Locate and copy each line in the data that contains the word "mdegE".

Task data
• • • • • • •

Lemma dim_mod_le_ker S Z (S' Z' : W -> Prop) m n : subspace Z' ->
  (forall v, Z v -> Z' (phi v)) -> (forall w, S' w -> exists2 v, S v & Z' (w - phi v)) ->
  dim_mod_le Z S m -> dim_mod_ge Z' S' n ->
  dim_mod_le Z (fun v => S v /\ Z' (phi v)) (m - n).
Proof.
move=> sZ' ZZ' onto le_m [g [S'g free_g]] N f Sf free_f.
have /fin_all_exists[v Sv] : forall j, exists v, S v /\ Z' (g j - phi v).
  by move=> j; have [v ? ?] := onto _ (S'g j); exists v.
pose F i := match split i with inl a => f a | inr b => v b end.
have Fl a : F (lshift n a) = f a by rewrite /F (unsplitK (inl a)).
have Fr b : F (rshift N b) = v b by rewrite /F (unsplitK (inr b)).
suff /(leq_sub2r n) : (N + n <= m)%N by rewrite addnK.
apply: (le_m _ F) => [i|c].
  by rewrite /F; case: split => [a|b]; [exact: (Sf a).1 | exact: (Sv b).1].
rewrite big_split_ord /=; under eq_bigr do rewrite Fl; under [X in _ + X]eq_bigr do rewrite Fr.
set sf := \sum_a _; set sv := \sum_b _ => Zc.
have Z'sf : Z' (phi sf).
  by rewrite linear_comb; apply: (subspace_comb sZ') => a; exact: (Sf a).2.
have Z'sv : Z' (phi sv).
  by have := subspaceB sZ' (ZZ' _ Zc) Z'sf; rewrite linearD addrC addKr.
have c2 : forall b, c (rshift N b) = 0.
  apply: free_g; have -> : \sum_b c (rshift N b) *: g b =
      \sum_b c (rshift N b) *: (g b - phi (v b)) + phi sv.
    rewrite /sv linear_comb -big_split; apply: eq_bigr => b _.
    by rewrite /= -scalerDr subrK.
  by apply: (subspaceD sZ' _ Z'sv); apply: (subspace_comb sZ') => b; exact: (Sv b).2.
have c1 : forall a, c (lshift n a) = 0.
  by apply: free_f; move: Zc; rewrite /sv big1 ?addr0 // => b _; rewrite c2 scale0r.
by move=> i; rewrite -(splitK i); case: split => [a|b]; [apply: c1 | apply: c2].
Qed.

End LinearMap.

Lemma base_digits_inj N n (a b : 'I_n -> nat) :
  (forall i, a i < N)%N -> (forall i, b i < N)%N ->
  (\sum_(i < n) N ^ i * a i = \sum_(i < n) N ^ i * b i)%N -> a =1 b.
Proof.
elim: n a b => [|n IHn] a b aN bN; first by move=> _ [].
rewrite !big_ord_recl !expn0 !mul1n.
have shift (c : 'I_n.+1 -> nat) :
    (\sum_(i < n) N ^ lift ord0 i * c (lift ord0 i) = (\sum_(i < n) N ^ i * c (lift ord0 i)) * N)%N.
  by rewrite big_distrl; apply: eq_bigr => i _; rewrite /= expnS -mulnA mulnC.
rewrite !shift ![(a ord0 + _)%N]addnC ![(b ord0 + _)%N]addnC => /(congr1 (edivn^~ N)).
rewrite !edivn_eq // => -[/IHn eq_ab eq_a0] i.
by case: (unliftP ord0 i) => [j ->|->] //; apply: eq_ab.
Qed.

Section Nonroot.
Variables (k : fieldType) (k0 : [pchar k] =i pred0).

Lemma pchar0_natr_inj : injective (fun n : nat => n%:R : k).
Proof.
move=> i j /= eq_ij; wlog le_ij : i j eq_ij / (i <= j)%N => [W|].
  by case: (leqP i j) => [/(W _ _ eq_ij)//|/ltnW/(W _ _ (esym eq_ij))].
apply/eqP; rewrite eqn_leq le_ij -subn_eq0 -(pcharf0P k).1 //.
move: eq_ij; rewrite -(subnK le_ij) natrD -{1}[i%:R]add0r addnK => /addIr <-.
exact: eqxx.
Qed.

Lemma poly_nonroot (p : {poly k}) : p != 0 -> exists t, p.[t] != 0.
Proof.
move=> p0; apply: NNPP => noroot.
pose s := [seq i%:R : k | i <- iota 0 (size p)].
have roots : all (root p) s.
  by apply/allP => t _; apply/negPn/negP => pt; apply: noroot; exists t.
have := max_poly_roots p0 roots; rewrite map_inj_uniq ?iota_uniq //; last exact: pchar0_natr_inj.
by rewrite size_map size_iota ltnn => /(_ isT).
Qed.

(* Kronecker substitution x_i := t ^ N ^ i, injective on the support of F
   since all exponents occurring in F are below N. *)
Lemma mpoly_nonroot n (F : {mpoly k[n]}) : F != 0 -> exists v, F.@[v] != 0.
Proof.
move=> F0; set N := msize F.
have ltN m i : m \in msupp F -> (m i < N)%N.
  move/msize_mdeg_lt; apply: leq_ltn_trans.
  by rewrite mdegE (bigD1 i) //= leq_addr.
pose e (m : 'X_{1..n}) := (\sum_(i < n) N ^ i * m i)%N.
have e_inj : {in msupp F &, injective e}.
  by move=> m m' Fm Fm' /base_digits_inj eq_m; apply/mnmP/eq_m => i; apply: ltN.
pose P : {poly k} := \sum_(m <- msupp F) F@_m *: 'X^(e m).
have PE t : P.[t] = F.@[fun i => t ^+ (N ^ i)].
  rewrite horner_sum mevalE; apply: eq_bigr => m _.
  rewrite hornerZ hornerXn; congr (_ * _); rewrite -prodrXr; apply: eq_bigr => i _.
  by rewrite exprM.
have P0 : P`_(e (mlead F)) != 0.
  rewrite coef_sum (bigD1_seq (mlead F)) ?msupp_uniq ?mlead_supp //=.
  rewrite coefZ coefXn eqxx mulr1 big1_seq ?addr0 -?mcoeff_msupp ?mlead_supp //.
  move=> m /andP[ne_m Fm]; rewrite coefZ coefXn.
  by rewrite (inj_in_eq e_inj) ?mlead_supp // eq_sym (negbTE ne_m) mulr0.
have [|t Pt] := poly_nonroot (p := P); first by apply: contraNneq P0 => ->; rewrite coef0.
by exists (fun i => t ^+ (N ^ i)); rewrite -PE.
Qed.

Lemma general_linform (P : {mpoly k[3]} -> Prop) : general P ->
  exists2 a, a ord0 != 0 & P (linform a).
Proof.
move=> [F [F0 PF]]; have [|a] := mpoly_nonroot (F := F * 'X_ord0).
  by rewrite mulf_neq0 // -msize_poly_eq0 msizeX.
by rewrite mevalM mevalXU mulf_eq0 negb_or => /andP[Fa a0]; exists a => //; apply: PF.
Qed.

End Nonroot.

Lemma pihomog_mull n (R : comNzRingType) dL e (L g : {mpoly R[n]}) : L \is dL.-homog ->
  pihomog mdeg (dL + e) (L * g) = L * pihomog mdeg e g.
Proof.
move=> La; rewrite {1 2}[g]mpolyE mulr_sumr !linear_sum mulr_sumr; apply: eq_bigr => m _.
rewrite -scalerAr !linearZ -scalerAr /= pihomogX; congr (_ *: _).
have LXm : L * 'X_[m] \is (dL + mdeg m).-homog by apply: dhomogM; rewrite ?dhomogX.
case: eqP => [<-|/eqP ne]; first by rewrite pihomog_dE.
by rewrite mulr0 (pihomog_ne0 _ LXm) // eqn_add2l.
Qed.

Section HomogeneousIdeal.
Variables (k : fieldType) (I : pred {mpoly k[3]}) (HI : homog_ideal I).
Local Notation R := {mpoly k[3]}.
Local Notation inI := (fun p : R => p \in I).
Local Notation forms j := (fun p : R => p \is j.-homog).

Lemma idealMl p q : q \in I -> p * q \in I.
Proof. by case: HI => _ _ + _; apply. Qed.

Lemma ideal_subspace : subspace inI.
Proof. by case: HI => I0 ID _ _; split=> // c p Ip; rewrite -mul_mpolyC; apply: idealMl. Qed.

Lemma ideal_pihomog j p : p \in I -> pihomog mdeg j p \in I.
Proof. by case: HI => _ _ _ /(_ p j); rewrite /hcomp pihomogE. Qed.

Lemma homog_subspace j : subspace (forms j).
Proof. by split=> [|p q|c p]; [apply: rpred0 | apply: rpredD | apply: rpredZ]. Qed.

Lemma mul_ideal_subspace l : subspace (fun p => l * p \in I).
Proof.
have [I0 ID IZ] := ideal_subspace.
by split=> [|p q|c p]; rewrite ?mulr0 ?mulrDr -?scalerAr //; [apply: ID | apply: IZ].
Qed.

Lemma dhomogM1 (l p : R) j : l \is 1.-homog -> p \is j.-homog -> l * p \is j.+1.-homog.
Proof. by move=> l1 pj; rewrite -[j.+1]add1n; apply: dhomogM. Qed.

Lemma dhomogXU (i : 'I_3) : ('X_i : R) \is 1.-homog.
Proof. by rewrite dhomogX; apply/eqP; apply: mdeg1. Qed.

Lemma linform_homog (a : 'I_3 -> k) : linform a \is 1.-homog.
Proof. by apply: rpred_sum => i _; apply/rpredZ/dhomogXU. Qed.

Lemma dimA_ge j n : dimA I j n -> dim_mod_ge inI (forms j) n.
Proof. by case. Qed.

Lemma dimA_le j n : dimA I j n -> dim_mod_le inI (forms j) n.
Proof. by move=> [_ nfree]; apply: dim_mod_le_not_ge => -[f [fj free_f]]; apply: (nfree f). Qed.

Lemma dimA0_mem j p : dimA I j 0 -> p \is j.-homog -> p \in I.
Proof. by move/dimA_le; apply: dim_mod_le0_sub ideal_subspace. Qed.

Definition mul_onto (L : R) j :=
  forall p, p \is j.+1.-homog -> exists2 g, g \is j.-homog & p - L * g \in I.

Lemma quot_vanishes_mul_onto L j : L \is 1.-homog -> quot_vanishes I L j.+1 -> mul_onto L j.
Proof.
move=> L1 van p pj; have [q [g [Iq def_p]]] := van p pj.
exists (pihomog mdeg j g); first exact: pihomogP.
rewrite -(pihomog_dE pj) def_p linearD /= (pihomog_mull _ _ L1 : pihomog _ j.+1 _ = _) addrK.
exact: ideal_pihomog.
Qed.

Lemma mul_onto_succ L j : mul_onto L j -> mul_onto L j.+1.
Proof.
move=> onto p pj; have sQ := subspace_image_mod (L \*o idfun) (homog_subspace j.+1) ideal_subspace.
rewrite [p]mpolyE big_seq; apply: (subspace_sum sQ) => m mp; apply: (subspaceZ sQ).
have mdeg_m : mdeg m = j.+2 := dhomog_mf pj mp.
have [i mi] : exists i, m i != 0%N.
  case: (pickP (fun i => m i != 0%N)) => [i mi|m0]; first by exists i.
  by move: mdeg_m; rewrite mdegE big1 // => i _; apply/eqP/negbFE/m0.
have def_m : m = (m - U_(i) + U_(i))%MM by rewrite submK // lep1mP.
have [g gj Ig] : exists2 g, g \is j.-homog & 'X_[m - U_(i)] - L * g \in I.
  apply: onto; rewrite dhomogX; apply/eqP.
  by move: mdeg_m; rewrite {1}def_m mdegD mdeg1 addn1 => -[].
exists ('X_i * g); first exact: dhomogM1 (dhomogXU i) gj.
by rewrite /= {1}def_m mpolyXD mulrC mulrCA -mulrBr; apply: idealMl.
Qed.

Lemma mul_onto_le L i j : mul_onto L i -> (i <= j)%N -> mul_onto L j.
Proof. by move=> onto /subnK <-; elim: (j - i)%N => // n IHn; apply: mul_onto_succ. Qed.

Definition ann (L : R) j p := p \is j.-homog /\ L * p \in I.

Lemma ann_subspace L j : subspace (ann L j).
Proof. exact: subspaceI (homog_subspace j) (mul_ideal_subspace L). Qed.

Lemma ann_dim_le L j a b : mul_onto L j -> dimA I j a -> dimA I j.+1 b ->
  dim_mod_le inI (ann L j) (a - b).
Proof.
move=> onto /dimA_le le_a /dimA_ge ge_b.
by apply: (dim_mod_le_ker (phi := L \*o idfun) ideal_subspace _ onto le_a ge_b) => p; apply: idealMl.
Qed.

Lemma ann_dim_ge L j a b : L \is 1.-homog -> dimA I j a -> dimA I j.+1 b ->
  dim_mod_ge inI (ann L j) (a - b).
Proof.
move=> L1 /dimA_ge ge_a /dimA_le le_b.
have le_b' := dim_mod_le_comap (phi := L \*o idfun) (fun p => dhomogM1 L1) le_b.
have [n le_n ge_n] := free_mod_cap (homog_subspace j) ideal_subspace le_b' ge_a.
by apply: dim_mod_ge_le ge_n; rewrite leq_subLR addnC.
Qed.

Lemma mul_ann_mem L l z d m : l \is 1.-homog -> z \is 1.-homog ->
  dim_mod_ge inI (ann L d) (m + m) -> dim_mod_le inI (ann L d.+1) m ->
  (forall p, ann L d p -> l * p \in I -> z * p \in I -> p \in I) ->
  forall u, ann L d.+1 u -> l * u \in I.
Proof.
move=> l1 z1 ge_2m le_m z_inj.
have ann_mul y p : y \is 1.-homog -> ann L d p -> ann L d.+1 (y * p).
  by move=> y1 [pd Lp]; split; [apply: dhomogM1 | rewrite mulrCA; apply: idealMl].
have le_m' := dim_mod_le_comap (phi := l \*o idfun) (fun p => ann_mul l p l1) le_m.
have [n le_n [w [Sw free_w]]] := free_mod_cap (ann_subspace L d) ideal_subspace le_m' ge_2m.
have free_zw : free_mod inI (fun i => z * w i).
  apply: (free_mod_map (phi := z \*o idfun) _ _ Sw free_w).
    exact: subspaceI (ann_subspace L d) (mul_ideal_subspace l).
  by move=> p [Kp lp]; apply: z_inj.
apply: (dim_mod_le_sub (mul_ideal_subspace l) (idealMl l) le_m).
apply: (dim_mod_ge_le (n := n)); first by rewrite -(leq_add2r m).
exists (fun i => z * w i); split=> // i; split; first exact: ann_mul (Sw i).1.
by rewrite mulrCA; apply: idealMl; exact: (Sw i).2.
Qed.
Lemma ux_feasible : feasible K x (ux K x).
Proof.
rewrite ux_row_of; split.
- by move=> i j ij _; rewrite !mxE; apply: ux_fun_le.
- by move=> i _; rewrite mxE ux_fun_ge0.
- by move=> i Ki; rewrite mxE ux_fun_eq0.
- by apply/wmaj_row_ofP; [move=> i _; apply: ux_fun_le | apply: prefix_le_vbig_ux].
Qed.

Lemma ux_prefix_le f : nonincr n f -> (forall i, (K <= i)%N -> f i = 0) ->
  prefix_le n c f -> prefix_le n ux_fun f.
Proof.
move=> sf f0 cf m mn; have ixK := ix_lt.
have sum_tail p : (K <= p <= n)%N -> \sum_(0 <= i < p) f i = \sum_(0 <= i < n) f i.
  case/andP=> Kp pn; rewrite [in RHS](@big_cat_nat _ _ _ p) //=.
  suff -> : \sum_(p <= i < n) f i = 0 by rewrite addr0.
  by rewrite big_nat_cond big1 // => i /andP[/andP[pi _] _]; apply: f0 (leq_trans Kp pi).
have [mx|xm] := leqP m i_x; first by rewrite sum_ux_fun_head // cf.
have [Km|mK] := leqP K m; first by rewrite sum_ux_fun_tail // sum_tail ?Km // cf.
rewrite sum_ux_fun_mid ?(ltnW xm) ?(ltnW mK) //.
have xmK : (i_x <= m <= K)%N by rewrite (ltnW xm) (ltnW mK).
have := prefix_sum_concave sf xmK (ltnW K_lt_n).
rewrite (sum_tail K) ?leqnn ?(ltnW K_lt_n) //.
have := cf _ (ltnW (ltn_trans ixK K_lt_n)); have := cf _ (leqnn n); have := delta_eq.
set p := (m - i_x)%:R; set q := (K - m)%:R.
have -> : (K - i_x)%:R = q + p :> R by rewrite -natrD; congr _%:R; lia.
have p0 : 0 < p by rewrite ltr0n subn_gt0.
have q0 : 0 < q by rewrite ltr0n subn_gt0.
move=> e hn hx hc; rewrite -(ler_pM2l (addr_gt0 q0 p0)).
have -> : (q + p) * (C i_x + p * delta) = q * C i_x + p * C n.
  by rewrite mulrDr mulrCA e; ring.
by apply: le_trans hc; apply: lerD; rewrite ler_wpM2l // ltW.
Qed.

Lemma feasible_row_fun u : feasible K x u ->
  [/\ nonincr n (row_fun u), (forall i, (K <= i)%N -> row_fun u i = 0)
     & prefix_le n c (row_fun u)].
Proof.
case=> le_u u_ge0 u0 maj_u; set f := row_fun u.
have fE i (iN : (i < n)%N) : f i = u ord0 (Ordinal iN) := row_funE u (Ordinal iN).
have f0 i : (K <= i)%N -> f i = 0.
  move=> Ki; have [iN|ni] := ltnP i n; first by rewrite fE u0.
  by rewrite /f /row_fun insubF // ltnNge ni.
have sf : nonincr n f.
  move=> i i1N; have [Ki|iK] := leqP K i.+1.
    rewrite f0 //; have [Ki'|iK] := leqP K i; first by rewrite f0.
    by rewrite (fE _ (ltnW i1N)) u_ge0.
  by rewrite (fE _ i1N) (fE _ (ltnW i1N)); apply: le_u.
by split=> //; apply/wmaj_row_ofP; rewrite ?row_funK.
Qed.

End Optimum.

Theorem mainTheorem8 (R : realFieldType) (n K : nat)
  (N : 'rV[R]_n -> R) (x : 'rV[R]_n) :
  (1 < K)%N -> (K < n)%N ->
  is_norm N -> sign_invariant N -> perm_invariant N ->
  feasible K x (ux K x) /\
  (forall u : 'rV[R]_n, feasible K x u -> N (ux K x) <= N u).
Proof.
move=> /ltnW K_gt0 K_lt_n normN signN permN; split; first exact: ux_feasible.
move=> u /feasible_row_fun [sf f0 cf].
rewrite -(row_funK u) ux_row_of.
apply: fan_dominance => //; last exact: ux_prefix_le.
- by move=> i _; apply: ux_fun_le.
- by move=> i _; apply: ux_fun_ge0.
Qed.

• • • • • • •

The answer
  by rewrite mdegE (bigD1 i) //= leq_addr.
  by move: mdeg_m; rewrite mdegE big1 // => i _; apply/eqP/negbFE/m0.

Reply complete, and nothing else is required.